Lemma des_within_forced e : des_within (u, e) bd =
  [forall p : 'I_n, (forced_pos p ==> ~~ e p) && (forced_neg p ==> e p)].
Proof.
apply/forallP/forallP => [asc p|frc i]; first (apply/andP; split; apply/implyP).
- case: p => [[|k] kn] //= /and3P [_ nb lt].
  set i := Ordinal (ltnW kn); have := asc i.
  by rewrite /= kn nb (@ascent_pos_signs _ i (Ordinal kn)) // -(@pv_ltE i (Ordinal kn)) lt.
- move=> /and3P [h nb lt]; have := asc p; rewrite h nb (@ascent_pos_signs _ p (Ordinal h)) //=.
  by rewrite -(@pv_ltE p (Ordinal h)) ltnNge ltnW.
apply/implyP => /andP [h nb]; rewrite (@ascent_pos_signs _ i (Ordinal h)) //.
case: ltngtP => [lt|gt|/val_inj/perm_inj/(congr1 val)/n_Sn //].
  case/andP: (frc (Ordinal h)) => + _.
  by rewrite /forced_pos /= nb (@pv_ltE i (Ordinal h)) lt; apply.
by case/andP: (frc i) => _; rewrite /forced_neg h nb (@pv_ltE (Ordinal h) i) gt; apply.
Qed.

Lemma sign_count_prod :
  sign_count u bd = (\prod_(p < n) ((~~ forced_pos p) + (~~ forced_neg p)))%N%:R.
Proof.
rewrite natr_prod; transitivity (\prod_(p < n) \sum_(b : bool)
    (if (forced_pos p ==> ~~ b) && (forced_neg p ==> b) then 1 else 0 : rat)).
  rewrite bigA_distr_bigA; apply: eq_bigr => e _.
  by rewrite prod_indicator des_within_forced.
by apply: eq_bigr => p _; rewrite big_bool /=; case: forced_pos; case: forced_neg.
Qed.

End SignCount.

Section SignCountPeaks.
Variables (n : nat) (u : 'S_n) (J : {set 'I_n}).
Hypotheses (n_gt0 : (0 < n)%N) (J_pos : forall j, j \in J -> (0 < val j)%N).
Local Notation fpos := (forced_pos u (nat_in J)).
Local Notation fneg := (forced_neg u (nat_in J)).

Lemma J_sub_nonzero : J \subset [set~ Ordinal n_gt0].
Proof. by apply/subsetP => j /J_pos; rewrite !inE; apply: contraTneq => ->. Qed.

Lemma card_J_le : (#|J| <= n.-1)%N.
Proof.
rewrite -[n in n.-1]card_ord -(cardsC1 (Ordinal n_gt0)).
exact/subset_leq_card/J_sub_nonzero.
Qed.

Lemma sum_forced : (\sum_(p < n) (fpos p + fneg p))%N = (n.-1 - #|J|)%N.
Proof.
pose fdesc q := [&& (0 < q)%N, (q < n)%N, ~~ nat_in J q & (pval u q.+1 < pval u q)%N].
rewrite big_split /=; have -> : (\sum_(p < n) fneg p = \sum_(p < n) fdesc p)%N.
  by rewrite -(@sum_ord_shift n fdesc) // /fdesc ltnn andbF.
rewrite -big_split /= (eq_bigr (fun q : 'I_n => (q \in [set~ Ordinal n_gt0] :\: J) : nat)).
  by rewrite sum_nat_indicator cardsE cardsD (setIidPr J_sub_nonzero) cardsC1 card_ord.
move=> q _; rewrite /fdesc /forced_pos !inE nat_in_val -val_eqE.
case: q => [[|k] kn] /=; first by rewrite andbF.
rewrite kn andbT.
rewrite (pvalE u (Ordinal (ltnW kn))) (pvalE u (Ordinal kn)) !ltnS.
by case: (_ \in J); case: ltngtP => // /val_inj/perm_inj/(congr1 val)/n_Sn.
Qed.

Lemma inJJ1E (f : 'I_n) k : val f = k.+1 -> inJJ1 J f = nat_in J k.+1 || nat_in J k.
Proof.
by move=> fk; rewrite /inJJ1 -nat_in_val fk; congr orb; apply: eq_existsb => j; rewrite eqSS.
Qed.

Lemma conflict_peak (p : 'I_n) (h : ((val p).+1 < n)%N) :
  fpos p && fneg p = (Ordinal h \in PeakA u) && ~~ inJJ1 J (Ordinal h).
Proof.
rewrite /forced_pos /forced_neg inE (@inJJ1E (Ordinal h) p) //= h ltnS negb_or.
by case: (0 < val p)%N; case: (nat_in J _); case: (nat_in J _);
  rewrite /= ?andbF ?andbT.
Qed.

Lemma no_conflictE :
  [forall p : 'I_n, ~~ (fpos p && fneg p)] = [forall f in PeakA u, inJJ1 J f].
Proof.
apply/forallP/forall_inP => [noc [[|k] kn] peak|peaks p].
- by move: peak; rewrite inE.
- have := noc (Ordinal (ltnW kn)).
  by rewrite (@conflict_peak (Ordinal (ltnW kn)) kn) peak => /negbNE.
case: (ltnP (val p).+1 n) => [h|]; first by rewrite conflict_peak; apply/negP => /andP [/peaks ->].
by rewrite leqNgt /forced_neg => /negbTE ->; rewrite andbF.
Qed.

Lemma prod_forced : (\prod_(p < n) ((~~ fpos p) + (~~ fneg p)))%N =
  (2 ^ (1 + #|J|) * [forall p : 'I_n, ~~ (fpos p && fneg p)])%N.
Proof.
case: (boolP [forall p, _]) => [/forallP noc|/forallPn [p /negPn /andP [fp fn]]]; last first.
  by rewrite muln0 (bigD1 p) //= fp fn.
have one_forced (p : 'I_n) : (fpos p + fneg p <= 1)%N by move: (noc p); case: fpos; case: fneg.
rewrite muln1 (eq_bigr (fun p : 'I_n => 2 ^ (1 - (fpos p + fneg p)))%N) => [|p _]; last first.
  by move: (noc p); case: fpos; case: fneg.
rewrite -expn_sum (sumnB _ (fun p _ => one_forced p)) sum_forced sum_nat_const card_ord muln1.
by congr (2 ^ _)%N; have := card_J_le; lia.
Qed.

Lemma sign_countE :
  sign_count u (nat_in J) = (2 ^ (1 + #|J|) * [forall f in PeakA u, inJJ1 J f])%N%:R.
Proof. by rewrite sign_count_prod prod_forced no_conflictE. Qed.

End SignCountPeaks.

Lemma sign_count_nobd n (n_gt0 : (0 < n)%N) (u : 'S_n) :
  sign_count u (fun _ => false) = 2 * (if PeakA u == set0 then 1 else 0).
Proof.
have -> : sign_count u (fun _ => false) = sign_count u (nat_in (set0 : {set 'I_n})).
  by apply: eq_bigr => e _; congr (if _ then _ else _); apply: eq_forallb => i; rewrite nat_in0.
rewrite sign_countE // => [|j]; last by rewrite inE.
have -> : [forall f in PeakA u, inJJ1 (set0 : {set 'I_n}) f] = (PeakA u == set0).
  apply/forall_inP/eqP => [|-> f]; last by rewrite inE.
  move=> noJ; apply/setP => f; rewrite in_set0; apply/negbTE/negP => /noJ.
  by rewrite /inJJ1 in_set0 => /existsP [j]; rewrite in_set0.
by rewrite cards0 expn1 natrM; case: eqP; rewrite ?mulr1 ?mulr0.
Qed.

Lemma peakset_PeakA n (u : 'S_n) : peakset (PeakA u).
Proof.
apply/andP; split; first by apply/forall_inP => i; rewrite inE => /and3P [].
apply/forall_inP => i; rewrite inE => /and3P [_ lti _].
apply/forall_inP => j; rewrite inE => /and3P [_ _ gtj].
by apply: contraTneq lti => ->; rewrite -leqNgt; exact: ltnW.
Qed.

Theorem ThetaA_XA n (n_gt0 : (0 < n)%N) (J : {set 'I_n})
    (J_pos : forall j, j \in J -> (0 < val j)%N) :
  ThetaA (XA J) = gscale (2 ^ (1 + #|J|))%:R
    (\sum_(F : {set 'I_n} | peakset F && [forall f in F, inJJ1 J f]) PA F).
Proof.
apply/ffunP => s; rewrite ThetaA_XAE.
under eq_bigr => v _ do rewrite -sign_count_nobd //.
rewrite -sum_ThetaB_pos_signs.
rewrite (eq_bigr (fun e => if des_within (s, e) (nat_in J) then 1 else 0)) => [|e _]; last first.
  by rewrite ThetaB_Stilde ?ffunE // => i h _; rewrite !ffunE.
rewrite -/(sign_count s (nat_in J)) sign_countE // !ffunE sum_ffunE.
under eq_bigr => F _ do rewrite ffunE.
rewrite sum_if_eq peakset_PeakA natrM.
by case: [forall f in PeakA s, inJJ1 J f]; rewrite ?mulr1 ?mulr0.
Qed.

(** * The image of [Theta+-] *)

Definition fits_pattern n (x : bperm n) (a d : nat -> bool) :=
  [forall i : 'I_n, ((val i).+1 < n)%N ==>
     (a (val i) ==> ascent x (val i)) && (d (val i) ==> ~~ ascent x (val i))].

Definition Ypattern n (a d : nat -> bool) : galg (bperm n) :=
  gsum (fun x => fits_pattern x a d).

Lemma Ypattern_XB n (a d : nat -> bool) :
    (forall i : 'I_n, ((val i).+1 < n)%N -> d (val i) = false) ->
  Ypattern n a d = XB [set i : 'I_n | (val i == 0%N) || ~~ a (val i).-1].
Proof.
move=> no_d; apply/ffunP => x; rewrite !ffunE (@DesB_subsetE _ x (fun m => ~~ a m.-1)) => [|i].
  congr (if _ then _ else _); apply: eq_forallb => i.
  by case: (boolP ((val i).+1 < n)%N) => //= h; rewrite negbK no_d // andbT.
by rewrite inE.
Qed.

Section PatternUpdate.
Variables (n : nat) (x : bperm n) (a d : nat -> bool) (i0 : 'I_n).
Hypothesis i0_lt : ((val i0).+1 < n)%N.

Lemma fits_pattern_drop_des : d (val i0) ->
  fits_pattern x a d = fits_pattern x a (fun m => d m && (m != val i0)) && ~~ ascent x (val i0).
Proof.
move=> d0; apply/forallP/andP => [fits|[/forallP fits' des] i].
  split; last by have := fits i0; rewrite i0_lt d0 /= => /andP [].
  apply/forallP => i; have := fits i.
  by case: (_ < n)%N; case: (a _); case: (d _); case: (_ != _); case: ascent.
have := fits' i; case: (eqVneq (val i) (val i0)) => [->|_]; last by rewrite andbT.
by rewrite i0_lt des !implybT !andbT.
Qed.

Lemma fits_pattern_add_asc :
  fits_pattern x (fun m => a m || (m == val i0)) d = fits_pattern x a d && ascent x (val i0).
Proof.
apply/forallP/andP => [fits|[/forallP fits' asc] i].
  split; last by have := fits i0; rewrite i0_lt eqxx orbT /= => /andP [].
  apply/forallP => i; have := fits i.
  by case: (_ < n)%N; case: (a _); case: (d _); case: (_ == _); case: ascent.
have := fits' i; case: (eqVneq (val i) (val i0)) => [->|_]; last by rewrite orbF.
by rewrite i0_lt asc !orbT !implybT.
Qed.

End PatternUpdate.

* Exercise brief
Find every line in the records that contains the word "eqVneq"; copy those lines.

* Exercise response
have := fits' i; case: (eqVneq (val i) (val i0)) => [->|_]; last by rewrite andbT.
have := fits' i; case: (eqVneq (val i) (val i0)) => [->|_]; last by rewrite orbF.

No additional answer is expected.